(* Let $k,\ell \in \mathbb{N}$, and let $G$ be any ordered graph. If $G$ contains no $k$-structure of Type 1, no $k$-structure of Type 2, and no $(k,\ell)$-structure of Type 3, then the vertices of $G$ may be partitioned into blocks $B_1 < \ldots < B_m$ of consecutive vertices, with $m \leqslant 256k^4$ and each block $\ell$-homogeneous.
   Context: An ordered graph of order $n$ has vertex set $[n]$ with the natural order; $\Gamma(x)$ is the neighbourhood of $x$. For sets $A,B$ of vertices, $A<B$ means $a<b$ for all $a\in A$, $b\in B$. For a vertex $x$ and $\ell\in\mathbb{N}$, $N_\ell(x)=\{z\in\mathbb{N}: x-\ell+1\leqslant z\leqslant x+\ell-1\}$. Vertices $x,y$ are $\ell$-homogeneous if $\Gamma(x)\setminus(N_\ell(x)\cup N_\ell(y))=\Gamma(y)\setminus(N_\ell(x)\cup N_\ell(y))$; a set $B$ of consecutive vertices is $\ell$-homogeneous if every two of its vertices are $\ell$-homogeneous. Structures in $G$: a $k$-structure of Type 1 consists of vertices $y$ and $x_1<\dots<x_{2k}$ with $y<x_1$ or $y>x_{2k}$, such that for $1\leqslant i<2k$, $yx_i\in E(G)$ iff $yx_{i+1}\notin E(G)$. A $k$-structure of Type 2(a) consists of vertices $x_1<\dots<x_{2k}<y_1<\dots<y_{2k}$ such that for $1\leqslant i<2k$, $x_iy_i\in E(G)$ iff $x_{i+1}y_{i+1}\notin E(G)$; Type 2(b) is the same but with $x_1<\dots<x_{2k}<y_{2k}<\dots<y_1$; a $k$-structure of Type 2 is one of Type 2(a) or 2(b). A $(k,\ell)$-structure of Type 3 consists of vertices $x_1<z_{1,1}<\dots<z_{1,\ell-1}<y_1<x_2<z_{2,1}<\dots<z_{2,\ell-1}<y_2<x_3<\dots<y_{2k-1}<x_{2k}<z_{2k,1}<\dots<z_{2k,\ell-1}<y_{2k}$ such that for $1\leqslant i<2k$, $x_iy_i\in E(G)$ iff $x_{i+1}y_{i+1}\notin E(G)$. *)

From mathcomp Require Import all_boot.
Set Implicit Arguments. Unset Strict Implicit. Unset Printing Implicit Defensive.

(* An ordered graph of order n: vertex set [n] = {1,...,n} (as nats) with the
   natural order, and a symmetric irreflexive adjacency relation [adj]
   (values of [adj] outside [n] are irrelevant). *)
Definition is_vertex (n v : nat) : bool := (1 <= v) && (v <= n).

Definition simple_graph (adj : rel nat) : Prop :=
  (forall u v, adj u v = adj v u) /\ (forall v, adj v v = false).

(* z \in N_l(x)  <->  x - l + 1 <= z <= x + l - 1  (over the integers) *)
Definition in_Nl (l x z : nat) : bool := (z - x < l) && (x - z < l).

Definition homog (n : nat) (adj : rel nat) (l x y : nat) : Prop :=
  forall z, is_vertex n z -> ~~ in_Nl l x z -> ~~ in_Nl l y z ->
    adj x z = adj y z.

Definition incr_verts (n len : nat) (x : nat -> nat) : Prop :=
  (forall i, i < len -> is_vertex n (x i)) /\
  (forall i, i.+1 < len -> x i < x i.+1).

(* k-structure of Type 1 (indices shifted: x_1..x_{2k} are x 0 .. x (2k-1)) *)
Definition type1 (n : nat) (adj : rel nat) (k : nat) : Prop :=
  exists (y : nat) (x : nat -> nat),
    is_vertex n y /\ incr_verts n (2 * k) x /\
    (y < x 0 \/ y > x (2 * k).-1) /\
    (forall i, i.+1 < 2 * k -> adj y (x i) = ~~ adj y (x i.+1)).

Definition type2a (n : nat) (adj : rel nat) (k : nat) : Prop :=
  exists x y : nat -> nat,
    incr_verts n (2 * k) x /\ incr_verts n (2 * k) y /\
    x (2 * k).-1 < y 0 /\
    (forall i, i.+1 < 2 * k -> adj (x i) (y i) = ~~ adj (x i.+1) (y i.+1)).

Definition type2b (n : nat) (adj : rel nat) (k : nat) : Prop :=
  exists x y : nat -> nat,
    incr_verts n (2 * k) x /\
    (forall i, i < 2 * k -> is_vertex n (y i)) /\
    (forall i, i.+1 < 2 * k -> y i.+1 < y i) /\
    x (2 * k).-1 < y (2 * k).-1 /\
    (forall i, i.+1 < 2 * k -> adj (x i) (y i) = ~~ adj (x i.+1) (y i.+1)).

Definition type2 (n : nat) (adj : rel nat) (k : nat) : Prop :=
  type2a n adj k \/ type2b n adj k.

(* (k,l)-structure of Type 3:
   x_1 < z_{1,1} < ... < z_{1,l-1} < y_1 < x_2 < ... < x_{2k} < z_{2k,1} < ... < z_{2k,l-1} < y_{2k}
   (indices shifted to start at 0). *)
Definition type3 (n : nat) (adj : rel nat) (k l : nat) : Prop :=
  exists (x y : nat -> nat) (z : nat -> nat -> nat),
    (forall i, i < 2 * k -> is_vertex n (x i) /\ is_vertex n (y i) /\ x i < y i) /\
    (forall i, i.+1 < 2 * k -> y i < x i.+1) /\
    (forall i j, i < 2 * k -> j < l.-1 ->
        is_vertex n (z i j) /\ x i < z i j /\ z i j < y i) /\
    (forall i j, i < 2 * k -> j.+1 < l.-1 -> z i j < z i j.+1) /\
    (forall i, i.+1 < 2 * k -> adj (x i) (y i) = ~~ adj (x i.+1) (y i.+1)).

(* A partition of [n] into m blocks B_1 < ... < B_m of consecutive vertices,
   given by cut points 1 = b 0 < b 1 < ... < b m = n+1, B_{j+1} = [b j, b (j+1)),
   each block being l-homogeneous. *)
Definition homog_block_partition (n : nat) (adj : rel nat) (l m : nat)
    (b : nat -> nat) : Prop :=
  b 0 = 1 /\ b m = n.+1 /\
  (forall j, j < m -> b j < b j.+1) /\
  (forall j, j < m -> forall x y, b j <= x < b j.+1 -> b j <= y < b j.+1 ->
      homog n adj l x y).

(* Call c (1 < c <= n) a cut if c-1 and c are told apart by a vertex at distance
   at least l to the right of c or to the left of c-1 (a right or left break at
   c-1), or if c is a multiple of l in (z-l, z+l] for a special vertex z, one
   adjacent to exactly one of z-l and z+l.  Between consecutive cuts all vertices
   are l-homogeneous: a vertex z far from x <= y sees x and y alike if it lies
   outside [x, y]; if it lies inside, it sees x like z-l and y like z+l, and a
   special z is excluded by the cut at the multiple of l in (z, z+l].

   Every cut has a witness vertex, and choosing the endpoint of a break among
   c-1, c (or the endpoint of a special cut among z-l, z+l) by a prescribed
   adjacency bit turns cuts into pairs with alternating adjacency.  Every fourth
   special cut gives disjoint consecutive pairs, i.e. a Type 3 structure.  Breaks
   of one side and one parity are ordered by position, with p -> q when the
   witness of p reaches no further than q+1.  Every other step of a long ->-chain
   gives a Type 3 structure, and a long ->-free sequence whose witnesses increase,
   decrease or are constant gives a Type 2(a), 2(b) or 1 structure.  Labelling
   each break by its ->-height and, inside its height level, by the longest
   increasing, decreasing and constant witness runs ending at it is injective
   (Mirsky), so there are at most 2M * M^3 such breaks, where M = 2k-1. *)

From mathcomp Require Import all_boot zify.
Set Implicit Arguments. Unset Strict Implicit. Unset Printing Implicit Defensive.
Set Bullet Behavior "Strict Subproofs".

Section Height.
Variable r : rel nat.

(* height i is the length of the longest r-chain of increasing indices ending at i;
   it is computed through the list of all earlier heights. *)
Fixpoint heights (m : nat) : seq nat :=
  if m is m'.+1 then
    rcons (heights m') (\max_(j < m' | r j m') nth 0 (heights m') j).+1
  else [::].

Definition height i := nth 0 (heights i.+1) i.

Lemma size_heights m : size (heights m) = m.
Proof. by elim: m => //= m IH; rewrite size_rcons IH. Qed.

Lemma nth_heights m j : j < m -> nth 0 (heights m) j = height j.
Proof.
elim: m => // m IH; rewrite ltnS leq_eqVlt => /orP[/eqP -> // | ltjm].
by rewrite /= nth_rcons size_heights ltjm IH.
Qed.

Lemma heightE i : height i = (\max_(j < i | r j i) height j).+1.
Proof.
rewrite /height /= nth_rcons size_heights ltnn eqxx; congr _.+1.
by apply: eq_bigr => j _; rewrite nth_heights.
Qed.

Lemma height_gt0 i : 0 < height i.
Proof. by rewrite heightE. Qed.

Lemma height_lt j i : j < i -> r j i -> height j < height i.
Proof.
move=> lt_ji rji; rewrite (heightE i) ltnS.
exact: (leq_bigmax_cond (Ordinal lt_ji) (P := fun j : 'I_i => r j i)).
Qed.

Lemma height_chain m i : m < height i -> exists f : nat -> nat,
  f m = i /\ forall t, t < m -> f t < f t.+1 /\ r (f t) (f t.+1).
Proof.
elim: m i => [|m IH] i; first by exists (fun=> i).
rewrite heightE ltnS.
have [c0|] := posnP #|(fun j : 'I_i => r j i)|.
  by rewrite big_pred0 // => j; have := card0_eq c0 j.
move=> /(eq_bigmax_cond (fun j : 'I_i => height j)) [j rji ->] /IH [f [fm Hf]].
exists (fun t => if t == m.+1 then i else f t); split=> [|t ltm]; first by rewrite eqxx.
rewrite (ltn_eqF ltm) eqSS; case: eqVneq => [-> | ne]; first by rewrite fm.
by apply: Hf; lia.
Qed.
(* Let $A$ be a $0$-$1$ matrix over a set $\mathcal G$ with no identically zero rows, and let $L_\alpha$, $\psi$ and $j$ be as in the context. If $f\in\bigoplus_{x\in\mathcal G}C(\Delta_x;\mathbb Z)$ satisfies $L_\alpha f\in\psi(\tilde{\mathfrak R}_A)$, then $f\in j\big(\bigoplus_{x\in\mathcal G}\mathbb Z\big)$.
   Context: $\mathbb F$ is the free group on $\mathcal G$, $\mathbb F^+$ the unital subsemigroup generated by $\mathcal G$. $\Omega_A^\tau$ is the set of $\xi\subset\mathbb F$ such that $e\in\xi$, $\xi$ is convex (contains the shortest path between any two of its elements), for each $\omega\in\xi$ there is at most one $y\in\mathcal G$ with $\omega y\in\xi$, and if $\omega,\omega y\in\xi$ ($y\in\mathcal G$) then for $x\in\mathcal G$: $\omega x^{-1}\in\xi\iff A(x,y)=1$. With the product topology on subsets of $\mathbb F$, $\widetilde\Omega_A$ is the closure in $\Omega_A^\tau$ of the elements with no upper bound for the order $s\le t\iff s^{-1}t\in\mathbb F^+$. $\Delta_t=\{\xi\in\widetilde\Omega_A:t\in\xi\}$ (clopen). $L_\alpha:\bigoplus_{x\in\mathcal G}C(\Delta_x,\mathbb Z)\to C(\widetilde\Omega_A,\mathbb Z)$ is $L_\alpha f=\sum_x\big(f_x-\alpha_x^{-1}(f_x)\big)$, where $f_x$ is extended by $0$ off $\Delta_x$ and $\alpha_x^{-1}(f_x)(\xi)=f_x(x\xi)$ for $\xi\in\Delta_{x^{-1}}$, $0$ otherwise. $j:\bigoplus_{x\in\mathcal G}\mathbb Z\to\bigoplus_{x\in\mathcal G}C(\Delta_x;\mathbb Z)$ sends the $x$-th basis element to the characteristic function $1_{\Delta_x}$ in the $x$-th summand. $\rho_i(j)=A(i,j)$, $\delta_i=$ indicator of $\{i\}$; $\tilde R_A\subset\ell^\infty(\mathcal G)$ is the $C^*$-algebra generated by $\mathbf 1$ and all $\rho_i,\delta_i$; $\tilde{\mathfrak R}_A\subset\mathbb Z^{\mathcal G}$ is the ring generated by $\mathbf 1$ and all $\delta_i,\rho_i$. $\tilde{\mathcal G}=\mathcal G\cup\{\star\}$; $c_j(i)=A(i,j)$; $\tilde\Gamma_A$ is the closure of $\{(j,c_j)\}$ in $\tilde{\mathcal G}\times\{0,1\}^{\mathcal G}$; each $f\in\tilde R_A$ has a unique continuous extension $\hat f$ to $\tilde\Gamma_A$ (identifying $j$ with $(j,c_j)$). For $\xi\in\widetilde\Omega_A$, $R_\xi(e)=\{x\in\mathcal G:x^{-1}\in\xi\}$ and $\sigma(\xi)_1$ is the unique element of $\xi\cap\mathcal G$, or $\star$ if empty. $\psi:\tilde R_A\to C(\widetilde\Omega_A)$ is $\psi(f)(\xi)=\hat f(\sigma(\xi)_1,R_\xi(e))$; it is an injective unital $*$-homomorphism with $\psi(\delta_i)=1_{\Delta_i}$ and $\psi(\rho_i)=1_{\Delta_{i^{-1}}}$. *)

From mathcomp Require Import all_boot all_order all_algebra.
From mathcomp Require Import boolp.
Set Implicit Arguments. Unset Strict Implicit. Unset Printing Implicit Defensive.
Import GRing.Theory.
Local Open Scope ring_scope.

(* The free group F on a set (type) G, as reduced words.               *)
(* A letter (x, true) stands for the generator x, (x, false) for x^-1. *)
Section FreeGroup.
Variable G : eqType.

Definition letter := (G * bool)%type.
Definition word := seq letter.

Definition linv (a : letter) : letter := (a.1, ~~ a.2).

Fixpoint reduced (w : word) : bool :=
  match w with
  | a :: ((b :: _) as w') => (b != linv a) && reduced w'
  | _ => true
  end.

Definition push (a : letter) (w : word) : word :=
  match w with
  | b :: w' => if b == linv a then w' else a :: w
  | [::] => [:: a]
  end.

Definition fmul (w v : word) : word := foldr push v w.
Definition finv (w : word) : word := rev (map linv w).
Definition gen (x : G) : word := [:: (x, true)].
Definition geninv (x : G) : word := [:: (x, false)].

(* F^+ : unital subsemigroup generated by G = positive words *)
Definition positive (w : word) : bool := all (fun a : letter => a.2) w.

Definition fle (s t : word) : Prop := positive (fmul (finv s) t).
End FreeGroup.

(* subsets of F are predicates on words (all of whose elements are reduced) *)
Section Omega.
Variable G : eqType.
Variable A : G -> G -> bool.

Local Notation word := (word G).

Definition OmegaTau (xi : (word -> Prop)) : Prop :=
  [/\ (forall w, xi w -> reduced w),
      xi [::],
      (* convexity: xi contains the geodesic s, s p_1, ..., t for s,t in xi *)
      (forall s t k, xi s -> xi t -> xi (fmul s (take k (fmul (finv s) t)))),
      (forall w y y', xi w -> xi (fmul w (gen y)) -> xi (fmul w (gen y')) -> y = y') &
      (forall w y x, xi w -> xi (fmul w (gen y)) ->
          (xi (fmul w (geninv x)) <-> A x y))].

Definition unbounded (xi : (word -> Prop)) : Prop :=
  ~ exists t : word, reduced t /\ forall s, xi s -> fle s t.

(* the product topology on subsets of F: basic neighbourhoods of xi are
   determined by finite sets of group elements *)
Definition agree_on (l : seq word) (xi eta : (word -> Prop)) : Prop :=
  forall w, w \in l -> (xi w <-> eta w).

(* tilde Omega_A : closure in Omega_A^tau of the unbounded elements *)
Definition OmegaTilde (xi : (word -> Prop)) : Prop :=
  OmegaTau xi /\
  forall l : seq word, exists eta, [/\ OmegaTau eta, unbounded eta & agree_on l xi eta].

Definition Delta (t : word) (xi : (word -> Prop)) : Prop := OmegaTilde xi /\ xi t.

Definition translate (x : G) (xi : (word -> Prop)) : (word -> Prop) :=
  fun v => exists w, xi w /\ v = fmul (gen x) w.

(* continuity of a Z-valued function on the subspace Delta_x
   (Z discrete, product topology on subsets of F) *)
Definition continuous_on_Delta (t : word) (g : (word -> Prop) -> int) : Prop :=
  forall xi, Delta t xi ->
    exists l : seq word, forall eta, Delta t eta -> agree_on l xi eta -> g eta = g xi.

(* An element f of  (+)_{x in G} C(Delta_x ; Z): a family of continuous
   functions f x on Delta_x (values off Delta_x are irrelevant), with finite
   support contained in the list s. *)
Definition in_dsum (s : seq G) (f : G -> (word -> Prop) -> int) : Prop :=
  (forall x, continuous_on_Delta (gen x) (f x)) /\
  (forall x, x \notin s -> forall xi, Delta (gen x) xi -> f x xi = 0).

(* L_alpha f = sum_x ( f_x - alpha_x^{-1}(f_x) ), f_x extended by 0 *)
Definition Lalpha (s : seq G) (f : G -> (word -> Prop) -> int) (xi : (word -> Prop)) : int :=
  \sum_(x <- undup s)
     ((if `[< Delta (gen x) xi >] then f x xi else 0)
      - (if `[< Delta (geninv x) xi >] then f x (translate x xi) else 0)).

(* psi( tilde frak R_A ): image under the unital ring homomorphism psi of the
   ring generated by 1, delta_i, rho_i; i.e. the subring of Z-valued functions
   on tilde Omega_A generated by 1, psi(delta_i) = 1_{Delta_i} and
   psi(rho_i) = 1_{Delta_{i^-1}}. *)
Inductive psiR : ((word -> Prop) -> int) -> Prop :=
  | psiR_one : psiR (fun _ => 1)
  | psiR_delta i : psiR (fun xi => if `[< Delta (gen i) xi >] then 1 else 0)
  | psiR_rho i : psiR (fun xi => if `[< Delta (geninv i) xi >] then 1 else 0)
  | psiR_add g h : psiR g -> psiR h -> psiR (fun xi => g xi + h xi)
  | psiR_opp g : psiR g -> psiR (fun xi => - g xi)
  | psiR_mul g h : psiR g -> psiR h -> psiR (fun xi => g xi * h xi).

End Omega.

(* Each f_x is continuous on the compact set Delta_x, a closed subset of the
   Cantor space of subsets of F, so it only depends on the words of length at
   most k of xi, for some k that can be taken uniform in x.  This bound is
   lowered one step at a time.  For xi in Delta_y,
     L_alpha f (xi) = f_y(xi) - sum_{x^-1 in xi} f_x(x xi),
   where x^-1 in xi iff A(x, y), and every function of psi(R_A) only depends
   on y as well.  Moreover the words of xi beginning with an inverse generator
   are forced by y (they form the backward path prescribed by A), so if xi and
   xi' in Delta_y agree up to length k, then x xi and x xi' agree up to length
   k + 1.  Hence f_y(xi) = f_y(xi'), and at k = 0 f_y is constant on Delta_y. *)

From mathcomp Require Import all_boot all_order all_algebra.
From mathcomp Require Import boolp classical_sets filter topology.
Set Implicit Arguments. Unset Strict Implicit. Unset Printing Implicit Defensive.
Import GRing.Theory ArrowAsProduct.
Local Open Scope ring_scope.

Section FreeGroup.
Variable G : eqType.
Implicit Types (a b : letter G) (w v z : word G).

Lemma linvK : involutive (@linv G).
Proof. by case=> x []. Qed.

Lemma reduced_behead w : reduced w -> reduced (behead w).
Proof. by case: w => [|a [|b w]] //= /andP[]. Qed.

Lemma reduced_drop n w : reduced w -> reduced (drop n w).
Proof.
by elim: n w => [//|n IH] [|a w] // Hw; exact: IH (reduced_behead Hw).
Qed.

Lemma reduced_take n w : reduced w -> reduced (take n w).
Proof.
elim: w n => [|a [|b w] IH] [|n] //= /andP[ba Hbw].
by case: n => [|n] //=; move: (IH n.+1 Hbw) => /= ->; rewrite ba.
Qed.

Lemma reduced_push a w : reduced w -> reduced (push a w).
Proof.
case: w => [|b w] // Hw /=; case: eqP => [_|/eqP ba]; first exact: reduced_behead Hw.
by rewrite [reduced _]/= ba.
Qed.

Lemma reduced_fmul w v : reduced v -> reduced (fmul w v).
Proof. by elim: w => [|a w IH] //= Hv; apply/reduced_push/IH. Qed.

Lemma push_linvK a z : reduced z -> push a (push (linv a) z) = z.
Proof.
case: z => [|b z] /=; first by rewrite eqxx.
rewrite linvK; case: eqP => [->|_] /=; last by rewrite eqxx.
by case: z => [|c z] //= /andP[/negbTE ->].
Qed.

Lemma push_fmul a w v : reduced v -> push a (fmul w v) = fmul (push a w) v.
Proof.
case: w => [|b w] //= Hv; case: eqP => [->|_] //=.
by rewrite push_linvK // reduced_fmul.
Qed.

Lemma fmulA u w v : reduced v -> fmul (fmul u w) v = fmul u (fmul w v).
Proof.
by move=> Hv; elim: u => [|a u IH] //=; rewrite -IH (push_fmul a (fmul u w) Hv).
Qed.

Lemma fmul_cat w v : reduced (w ++ v) -> fmul w v = w ++ v.
Proof.
elim: w => [|a w IH] // Hawv /=; rewrite IH; last exact: reduced_behead Hawv.
by move: Hawv => /=; case: (w ++ v) => [|b wv] //= /andP[/negbTE ->].
Qed.

Lemma fmulw0 w : reduced w -> fmul w [::] = w.
Proof. by move=> Hw; rewrite fmul_cat cats0. Qed.

Lemma fmul_rcons w a v : fmul (rcons w a) v = fmul w (push a v).
Proof. exact: foldr_rcons. Qed.

Lemma finv_cons a w : finv (a :: w) = rcons (finv w) (linv a).
Proof. by rewrite /finv /= rev_cons. Qed.

Lemma fmulV w : fmul (finv w) w = [::].
Proof. by elim: w => [|a w IH] //; rewrite finv_cons fmul_rcons /= linvK eqxx. Qed.
(* A pointed connected graph $(g,v_0)\in\mathscr G_c^\bullet[U]$ is a prime structure of the set operad $\mathscr G_c^\bullet$ if and only if the graph $g$ is nonseparable, i.e. has no cutpoint.
   Context: $\mathscr G_c^\bullet[U]$ is the set of pairs $(g,v)$, where $g$ is a simple connected graph on vertex set $U$ and $v\in U$. It is a set operad with the following product. For an assembly $\{(g_B,v_B)\}_{B\in\pi}$ and an outer structure $(g'_\pi,B_0)$ (a connected graph on $\pi$ with distinguished block $B_0$), the product is $(g,v_{B_0})$. Here $g$ has all edges of the $g_B$, plus the edge $\{v_B,v_{B'}\}$ for each edge $\{B,B'\}$ of $g'_\pi$. A structure $m\in M[U]$ of a set operad $(M,\eta)$ is prime if whenever $m=\eta(a,m')$ then either $a$ is the assembly of singleton structures (and $m'$ is isomorphic to $m$), or $a=\{m\}$ (and $m'$ is the singleton structure on $\{U\}$). A cutpoint of a connected graph $g$ is a vertex whose deletion disconnects $g$. *)

From mathcomp Require Import all_boot.
Set Implicit Arguments. Unset Strict Implicit. Unset Printing Implicit Defensive.

Definition simple_graph (V : finType) (U : {set V}) (E : {set {set V}}) : Prop :=
  forall e, e \in E -> exists x y, [/\ x != y, x \in U, y \in U & e = [set x; y]].

Definition adj (V : finType) (E : {set {set V}}) : rel V :=
  fun x y => [set x; y] \in E.

(* connectedness of the graph (U, E) (edges of E lie inside U) *)
Definition gconnected (V : finType) (U : {set V}) (E : {set {set V}}) : Prop :=
  forall x y, x \in U -> y \in U -> connect (adj E) x y.

Definition pointed_conn (V : finType) (U : {set V}) (E : {set {set V}}) (v : V) : Prop :=
  [/\ simple_graph U E, gconnected U E & v \in U].

(* Edge set of the operad product of the assembly {(gB B, vB B)}_{B in pi}
   with the outer structure (Eo, B0) on pi; the root of the product is vB B0. *)
Definition prod_edges (T : finType) (pi : {set {set T}})
    (gB : {set T} -> {set {set T}}) (vB : {set T} -> T)
    (Eo : {set {set {set T}}}) : {set {set T}} :=
  (\bigcup_(B in pi) gB B) :|:
  [set [set vB B; vB B'] | B in pi, B' in pi & [set B; B'] \in Eo].

(* Prime structures of the set operad G_c^bullet: whenever (E, v) = eta(a, m')
   with a = {(gB B, vB B)}_{B in pi} an assembly over a partition pi of U and
   m' = (Eo, B0) in G_c^bullet[pi], then either a is the assembly of singleton
   structures (pi is the partition into singletons), or a = {(E, v)}. *)
Definition is_prime (T : finType) (U : {set T}) (E : {set {set T}}) (v : T) : Prop :=
  forall (pi : {set {set T}}) (gB : {set T} -> {set {set T}}) (vB : {set T} -> T)
         (Eo : {set {set {set T}}}) (B0 : {set T}),
    partition pi U ->
    (forall B, B \in pi -> pointed_conn B (gB B) (vB B)) ->
    pointed_conn pi Eo B0 ->
    E = prod_edges pi gB vB Eo -> v = vB B0 ->
    pi = [set [set x] | x in U] \/ [/\ pi = [set U], gB U = E & vB U = v].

● **What to produce**:
Within the material above, extract exactly the lines that start at the line containing "Definition unbounded (xi" and stop after the line containing "forall w, w \in l -> (xi w <-> eta w).", and only those.

● **Result for this task**:
Definition unbounded (xi : (word -> Prop)) : Prop :=
  ~ exists t : word, reduced t /\ forall s, xi s -> fle s t.

(* the product topology on subsets of F: basic neighbourhoods of xi are
   determined by finite sets of group elements *)
Definition agree_on (l : seq word) (xi eta : (word -> Prop)) : Prop :=
  forall w, w \in l -> (xi w <-> eta w).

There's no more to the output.